Hello I’m experiencing an issue where implicit caching is not being applied when using gemini-2.5-pro via API. According to the documentation, implicit caching should activate when input exceeds 2,048 tokens, but I’m not seeing any caching even with prompt token counts exceeding 30k tokens.
To verify whether caching is working, I’ve run multiple tests using identical prompts, data, and structures, but prompt caching consistently fails to activate.

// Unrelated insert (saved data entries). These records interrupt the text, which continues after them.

Lemma expect_contains (A B : {set T}) : B \subset A ->
  expect A w (fun S => if B \subset S then 1 else 0) = \big[Rmult/1]_(b in B) w b.
Proof.
elim/set_ind: A B => [|A a aA IH] B BA.
  by move: BA; rewrite subset0 => /eqP ->; rewrite expect_set0 sub0set big_set0.
rewrite (expect_D1 _ _ aA); have [aB|aB] := boolP (a \in B).
- have BaA : B :\ a \subset A :\ a by apply: setSD.
  rewrite (expect_ext w (g2 := fun S => if B :\ a \subset S then 1 else 0)); last first.
    by move=> S _; rewrite subDset setUC.
  rewrite (expect_ext w (g1 := fun S => if B \subset S then 1 else 0) (g2 := fun _ => 0));
    last first.
    move=> S SAa; case: ifP => // /subsetP/(_ a aB) aS.
    by move: (subsetP SAa a aS); rewrite setD11.
  by rewrite IH // expect_const (big_setD1 a aB) /=; ring.
- have BAa : B \subset A :\ a by rewrite subsetD1 BA aB.
  rewrite (expect_ext w (g2 := fun S => if B \subset S then 1 else 0)); last first.
    move=> S _; congr (if _ then _ else _); apply/idP/idP => [BaS|/subset_trans->//].
      apply/subsetP => b bB; move: (subsetP BaS b bB); rewrite in_setU1.
      by case/orP=> // /eqP ba; move: aB; rewrite -ba bB.
    exact: subsetUr.
  by rewrite IH //; ring.
Qed.

End RandomSubsetInduction.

I’m only seeing the following repeated results without any cache hits:
cache_tokens_details=None
cached_content_token_count=None
candidates_token_count=12841
candidates_tokens_details=None
prompt_token_count=30151
prompt_tokens_details=[
ModalityTokenCount(modality=<MediaModality.TEXT: 'TEXT'>, token_count=2545),
ModalityTokenCount(modality=<MediaModality.IMAGE: 'IMAGE'>, token_count=27606)
]
thoughts_token_count=9003
tool_use_prompt_token_count=None
tool_use_prompt_tokens_details=None
total_token_count=51995
traffic_type=None
I have several questions regarding this issue:
-
Is this a known ongoing issue? There have been previous reports in this forum about implicit caching problems with Gemini 2.5 Pro. Has this issue been resolved, or is it still an active problem?
-
Modality requirements clarification: My input tokens include a significant number of Base64-encoded image files. When the documentation states that caching activates above 2,048 tokens, does this refer specifically to TEXT modality tokens, or does it include all token types? In my case, I have 2,545 text tokens and 27,606 image tokens.
-
Model-specific behavior: For reference, I’ve confirmed that gemini-2.5-flash does work with caching under the same settings and configuration.
This issue is causing significant cost implications for our production environment, as we’re not benefiting from the expected caching behavior with large prompts. Any clarification on whether this is a known issue or guidance on proper implementation would be greatly appreciated.